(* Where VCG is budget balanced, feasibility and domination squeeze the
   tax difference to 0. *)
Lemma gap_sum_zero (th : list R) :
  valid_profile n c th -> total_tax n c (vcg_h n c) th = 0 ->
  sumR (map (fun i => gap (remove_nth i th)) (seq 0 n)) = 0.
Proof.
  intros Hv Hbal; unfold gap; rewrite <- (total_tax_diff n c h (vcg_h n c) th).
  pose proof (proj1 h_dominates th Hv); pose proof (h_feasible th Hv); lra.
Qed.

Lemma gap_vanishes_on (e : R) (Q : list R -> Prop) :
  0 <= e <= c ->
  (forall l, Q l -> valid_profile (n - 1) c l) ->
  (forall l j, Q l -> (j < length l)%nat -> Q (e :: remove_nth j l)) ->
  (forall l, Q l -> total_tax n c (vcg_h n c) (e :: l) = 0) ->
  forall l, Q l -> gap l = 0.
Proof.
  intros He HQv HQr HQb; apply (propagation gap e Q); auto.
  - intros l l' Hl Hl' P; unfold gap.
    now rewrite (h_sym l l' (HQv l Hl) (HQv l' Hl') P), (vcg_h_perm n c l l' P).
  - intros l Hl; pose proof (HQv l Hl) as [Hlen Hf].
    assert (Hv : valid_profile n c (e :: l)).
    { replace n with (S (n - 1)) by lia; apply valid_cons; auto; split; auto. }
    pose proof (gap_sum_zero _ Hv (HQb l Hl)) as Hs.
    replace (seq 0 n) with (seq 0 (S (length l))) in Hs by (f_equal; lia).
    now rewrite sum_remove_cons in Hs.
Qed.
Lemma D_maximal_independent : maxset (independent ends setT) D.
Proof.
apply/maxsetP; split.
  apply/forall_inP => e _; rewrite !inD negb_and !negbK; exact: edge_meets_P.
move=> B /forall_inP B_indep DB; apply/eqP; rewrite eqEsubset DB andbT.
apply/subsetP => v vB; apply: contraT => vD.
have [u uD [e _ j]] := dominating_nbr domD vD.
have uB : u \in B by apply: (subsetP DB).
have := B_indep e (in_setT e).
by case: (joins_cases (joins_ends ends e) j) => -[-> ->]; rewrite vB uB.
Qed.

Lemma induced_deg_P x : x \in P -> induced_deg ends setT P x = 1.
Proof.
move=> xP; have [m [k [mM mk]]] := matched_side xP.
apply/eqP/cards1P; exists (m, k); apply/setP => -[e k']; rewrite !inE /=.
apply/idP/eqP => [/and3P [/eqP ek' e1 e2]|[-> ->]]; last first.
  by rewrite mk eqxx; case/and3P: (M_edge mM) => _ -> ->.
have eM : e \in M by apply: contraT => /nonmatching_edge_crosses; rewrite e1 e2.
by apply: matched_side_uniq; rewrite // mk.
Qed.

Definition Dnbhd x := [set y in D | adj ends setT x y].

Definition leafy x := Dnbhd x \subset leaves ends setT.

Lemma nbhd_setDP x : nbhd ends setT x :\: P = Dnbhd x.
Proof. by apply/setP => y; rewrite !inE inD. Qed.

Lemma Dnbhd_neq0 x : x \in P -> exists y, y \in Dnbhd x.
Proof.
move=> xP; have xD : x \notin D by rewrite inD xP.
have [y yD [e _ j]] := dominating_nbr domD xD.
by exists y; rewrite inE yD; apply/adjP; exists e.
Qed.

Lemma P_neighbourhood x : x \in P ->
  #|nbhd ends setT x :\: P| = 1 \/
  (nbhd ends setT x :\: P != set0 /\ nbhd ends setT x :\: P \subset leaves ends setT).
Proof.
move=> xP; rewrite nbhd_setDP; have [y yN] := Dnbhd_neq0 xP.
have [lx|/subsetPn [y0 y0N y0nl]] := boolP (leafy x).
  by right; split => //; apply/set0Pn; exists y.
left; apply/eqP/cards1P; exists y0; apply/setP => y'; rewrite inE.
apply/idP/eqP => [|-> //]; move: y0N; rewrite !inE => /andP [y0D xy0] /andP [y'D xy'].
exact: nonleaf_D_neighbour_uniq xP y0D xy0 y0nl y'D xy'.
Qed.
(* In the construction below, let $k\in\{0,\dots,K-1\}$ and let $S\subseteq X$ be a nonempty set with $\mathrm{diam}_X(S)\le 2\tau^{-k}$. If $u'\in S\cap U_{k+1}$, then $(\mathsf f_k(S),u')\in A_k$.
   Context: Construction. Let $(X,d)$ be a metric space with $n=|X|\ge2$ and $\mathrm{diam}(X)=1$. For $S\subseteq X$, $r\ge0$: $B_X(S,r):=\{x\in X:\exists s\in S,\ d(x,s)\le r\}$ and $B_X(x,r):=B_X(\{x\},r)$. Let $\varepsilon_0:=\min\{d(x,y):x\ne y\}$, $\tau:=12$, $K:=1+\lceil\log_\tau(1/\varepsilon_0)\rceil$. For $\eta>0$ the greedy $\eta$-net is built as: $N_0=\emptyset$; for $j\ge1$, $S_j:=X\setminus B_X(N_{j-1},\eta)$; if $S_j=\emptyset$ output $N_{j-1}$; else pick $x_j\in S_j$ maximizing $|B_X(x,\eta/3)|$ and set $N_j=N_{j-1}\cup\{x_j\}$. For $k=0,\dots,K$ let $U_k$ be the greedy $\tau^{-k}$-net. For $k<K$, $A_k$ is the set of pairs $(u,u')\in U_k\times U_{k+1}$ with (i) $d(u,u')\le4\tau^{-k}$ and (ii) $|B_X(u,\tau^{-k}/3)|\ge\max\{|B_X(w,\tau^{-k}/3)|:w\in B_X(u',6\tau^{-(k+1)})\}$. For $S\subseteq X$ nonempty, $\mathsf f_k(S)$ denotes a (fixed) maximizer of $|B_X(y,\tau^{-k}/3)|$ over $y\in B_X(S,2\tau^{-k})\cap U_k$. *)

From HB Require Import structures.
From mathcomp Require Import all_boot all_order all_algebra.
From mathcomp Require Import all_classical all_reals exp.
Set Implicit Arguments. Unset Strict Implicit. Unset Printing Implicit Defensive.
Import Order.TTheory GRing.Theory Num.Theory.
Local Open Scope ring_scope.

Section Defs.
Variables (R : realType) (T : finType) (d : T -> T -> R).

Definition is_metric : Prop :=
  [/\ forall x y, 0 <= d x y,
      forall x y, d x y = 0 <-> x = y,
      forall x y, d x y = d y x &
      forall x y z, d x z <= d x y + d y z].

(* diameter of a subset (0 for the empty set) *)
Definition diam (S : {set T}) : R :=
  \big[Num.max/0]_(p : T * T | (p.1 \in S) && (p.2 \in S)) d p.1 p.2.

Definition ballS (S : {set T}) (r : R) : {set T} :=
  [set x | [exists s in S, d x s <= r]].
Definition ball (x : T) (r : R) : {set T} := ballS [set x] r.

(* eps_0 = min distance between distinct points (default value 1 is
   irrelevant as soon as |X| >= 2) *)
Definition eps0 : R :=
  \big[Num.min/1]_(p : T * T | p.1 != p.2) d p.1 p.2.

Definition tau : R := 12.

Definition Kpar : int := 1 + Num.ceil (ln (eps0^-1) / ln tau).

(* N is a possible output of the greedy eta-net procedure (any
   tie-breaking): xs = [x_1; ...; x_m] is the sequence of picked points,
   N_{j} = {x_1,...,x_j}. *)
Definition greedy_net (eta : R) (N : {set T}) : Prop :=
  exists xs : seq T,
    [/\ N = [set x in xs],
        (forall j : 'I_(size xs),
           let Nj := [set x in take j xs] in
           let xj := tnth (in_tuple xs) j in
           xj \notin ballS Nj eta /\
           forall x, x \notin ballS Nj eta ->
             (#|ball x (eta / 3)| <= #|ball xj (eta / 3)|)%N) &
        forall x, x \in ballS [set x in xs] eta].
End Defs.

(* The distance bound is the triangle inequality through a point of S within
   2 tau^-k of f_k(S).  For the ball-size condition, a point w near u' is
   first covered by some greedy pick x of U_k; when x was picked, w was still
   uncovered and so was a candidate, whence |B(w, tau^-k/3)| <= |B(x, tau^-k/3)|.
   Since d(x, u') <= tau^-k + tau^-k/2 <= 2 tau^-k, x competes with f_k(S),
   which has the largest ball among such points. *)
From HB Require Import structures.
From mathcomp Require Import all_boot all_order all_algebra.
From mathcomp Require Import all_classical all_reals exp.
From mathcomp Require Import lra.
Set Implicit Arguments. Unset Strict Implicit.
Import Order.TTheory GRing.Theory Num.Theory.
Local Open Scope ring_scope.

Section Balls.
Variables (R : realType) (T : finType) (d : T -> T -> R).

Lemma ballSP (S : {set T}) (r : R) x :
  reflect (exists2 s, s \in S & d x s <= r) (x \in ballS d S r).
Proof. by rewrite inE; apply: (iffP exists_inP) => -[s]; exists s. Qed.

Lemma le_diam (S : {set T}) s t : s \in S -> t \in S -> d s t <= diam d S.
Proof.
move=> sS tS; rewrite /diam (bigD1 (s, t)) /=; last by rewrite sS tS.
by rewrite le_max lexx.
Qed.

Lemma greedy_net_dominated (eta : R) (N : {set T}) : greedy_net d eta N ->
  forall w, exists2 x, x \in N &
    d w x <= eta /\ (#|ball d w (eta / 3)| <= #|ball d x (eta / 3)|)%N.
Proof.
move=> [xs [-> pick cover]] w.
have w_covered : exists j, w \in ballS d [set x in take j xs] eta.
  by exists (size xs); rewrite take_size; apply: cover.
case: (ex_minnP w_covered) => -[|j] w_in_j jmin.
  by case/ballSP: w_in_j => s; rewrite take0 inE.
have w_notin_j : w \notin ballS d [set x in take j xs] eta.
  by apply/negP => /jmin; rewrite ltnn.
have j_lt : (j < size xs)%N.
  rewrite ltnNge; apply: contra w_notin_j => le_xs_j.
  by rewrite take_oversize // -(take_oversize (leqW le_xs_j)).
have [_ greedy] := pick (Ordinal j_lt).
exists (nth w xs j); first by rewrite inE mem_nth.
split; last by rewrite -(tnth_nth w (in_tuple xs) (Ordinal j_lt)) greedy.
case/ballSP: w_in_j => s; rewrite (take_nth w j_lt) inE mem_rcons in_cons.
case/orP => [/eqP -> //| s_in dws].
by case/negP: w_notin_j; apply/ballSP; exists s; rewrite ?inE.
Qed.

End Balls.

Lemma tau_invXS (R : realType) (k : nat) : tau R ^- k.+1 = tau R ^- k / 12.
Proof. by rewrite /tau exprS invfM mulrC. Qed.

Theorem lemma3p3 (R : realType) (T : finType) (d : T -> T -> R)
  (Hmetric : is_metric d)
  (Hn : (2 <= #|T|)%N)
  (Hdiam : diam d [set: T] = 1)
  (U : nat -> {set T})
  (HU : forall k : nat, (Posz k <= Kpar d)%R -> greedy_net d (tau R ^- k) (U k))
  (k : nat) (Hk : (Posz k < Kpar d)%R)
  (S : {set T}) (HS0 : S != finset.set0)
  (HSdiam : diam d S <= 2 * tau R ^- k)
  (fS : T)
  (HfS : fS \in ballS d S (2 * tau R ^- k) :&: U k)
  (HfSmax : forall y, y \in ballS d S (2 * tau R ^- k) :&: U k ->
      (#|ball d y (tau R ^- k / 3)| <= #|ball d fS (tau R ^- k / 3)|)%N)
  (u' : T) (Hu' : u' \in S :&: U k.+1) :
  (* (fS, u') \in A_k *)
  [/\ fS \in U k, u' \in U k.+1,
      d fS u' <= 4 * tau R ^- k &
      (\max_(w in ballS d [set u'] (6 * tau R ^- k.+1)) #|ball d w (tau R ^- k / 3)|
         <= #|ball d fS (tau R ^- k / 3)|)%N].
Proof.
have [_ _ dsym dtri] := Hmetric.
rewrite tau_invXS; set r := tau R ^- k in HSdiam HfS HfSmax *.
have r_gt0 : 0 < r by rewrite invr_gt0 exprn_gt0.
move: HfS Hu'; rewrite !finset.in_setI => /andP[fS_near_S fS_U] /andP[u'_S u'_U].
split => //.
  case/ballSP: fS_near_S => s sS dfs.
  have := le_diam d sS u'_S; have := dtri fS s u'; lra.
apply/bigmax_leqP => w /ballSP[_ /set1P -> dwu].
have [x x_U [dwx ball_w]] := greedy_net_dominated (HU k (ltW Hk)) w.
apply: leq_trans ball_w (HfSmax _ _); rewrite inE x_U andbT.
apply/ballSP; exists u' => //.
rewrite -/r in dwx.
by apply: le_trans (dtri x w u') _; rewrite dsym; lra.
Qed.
──────
What you should do:
Given the data above, transcribe exactly the lines from the one containing "forall x y z, d x z <= d x y + d y z]." down to the one containing "Definition ball (x", and no others.

Response for this exercise:
      forall x y z, d x z <= d x y + d y z].

(* diameter of a subset (0 for the empty set) *)
Definition diam (S : {set T}) : R :=
  \big[Num.max/0]_(p : T * T | (p.1 \in S) && (p.2 \in S)) d p.1 p.2.

Definition ballS (S : {set T}) (r : R) : {set T} :=
  [set x | [exists s in S, d x s <= r]].
Definition ball (x : T) (r : R) : {set T} := ballS [set x] r.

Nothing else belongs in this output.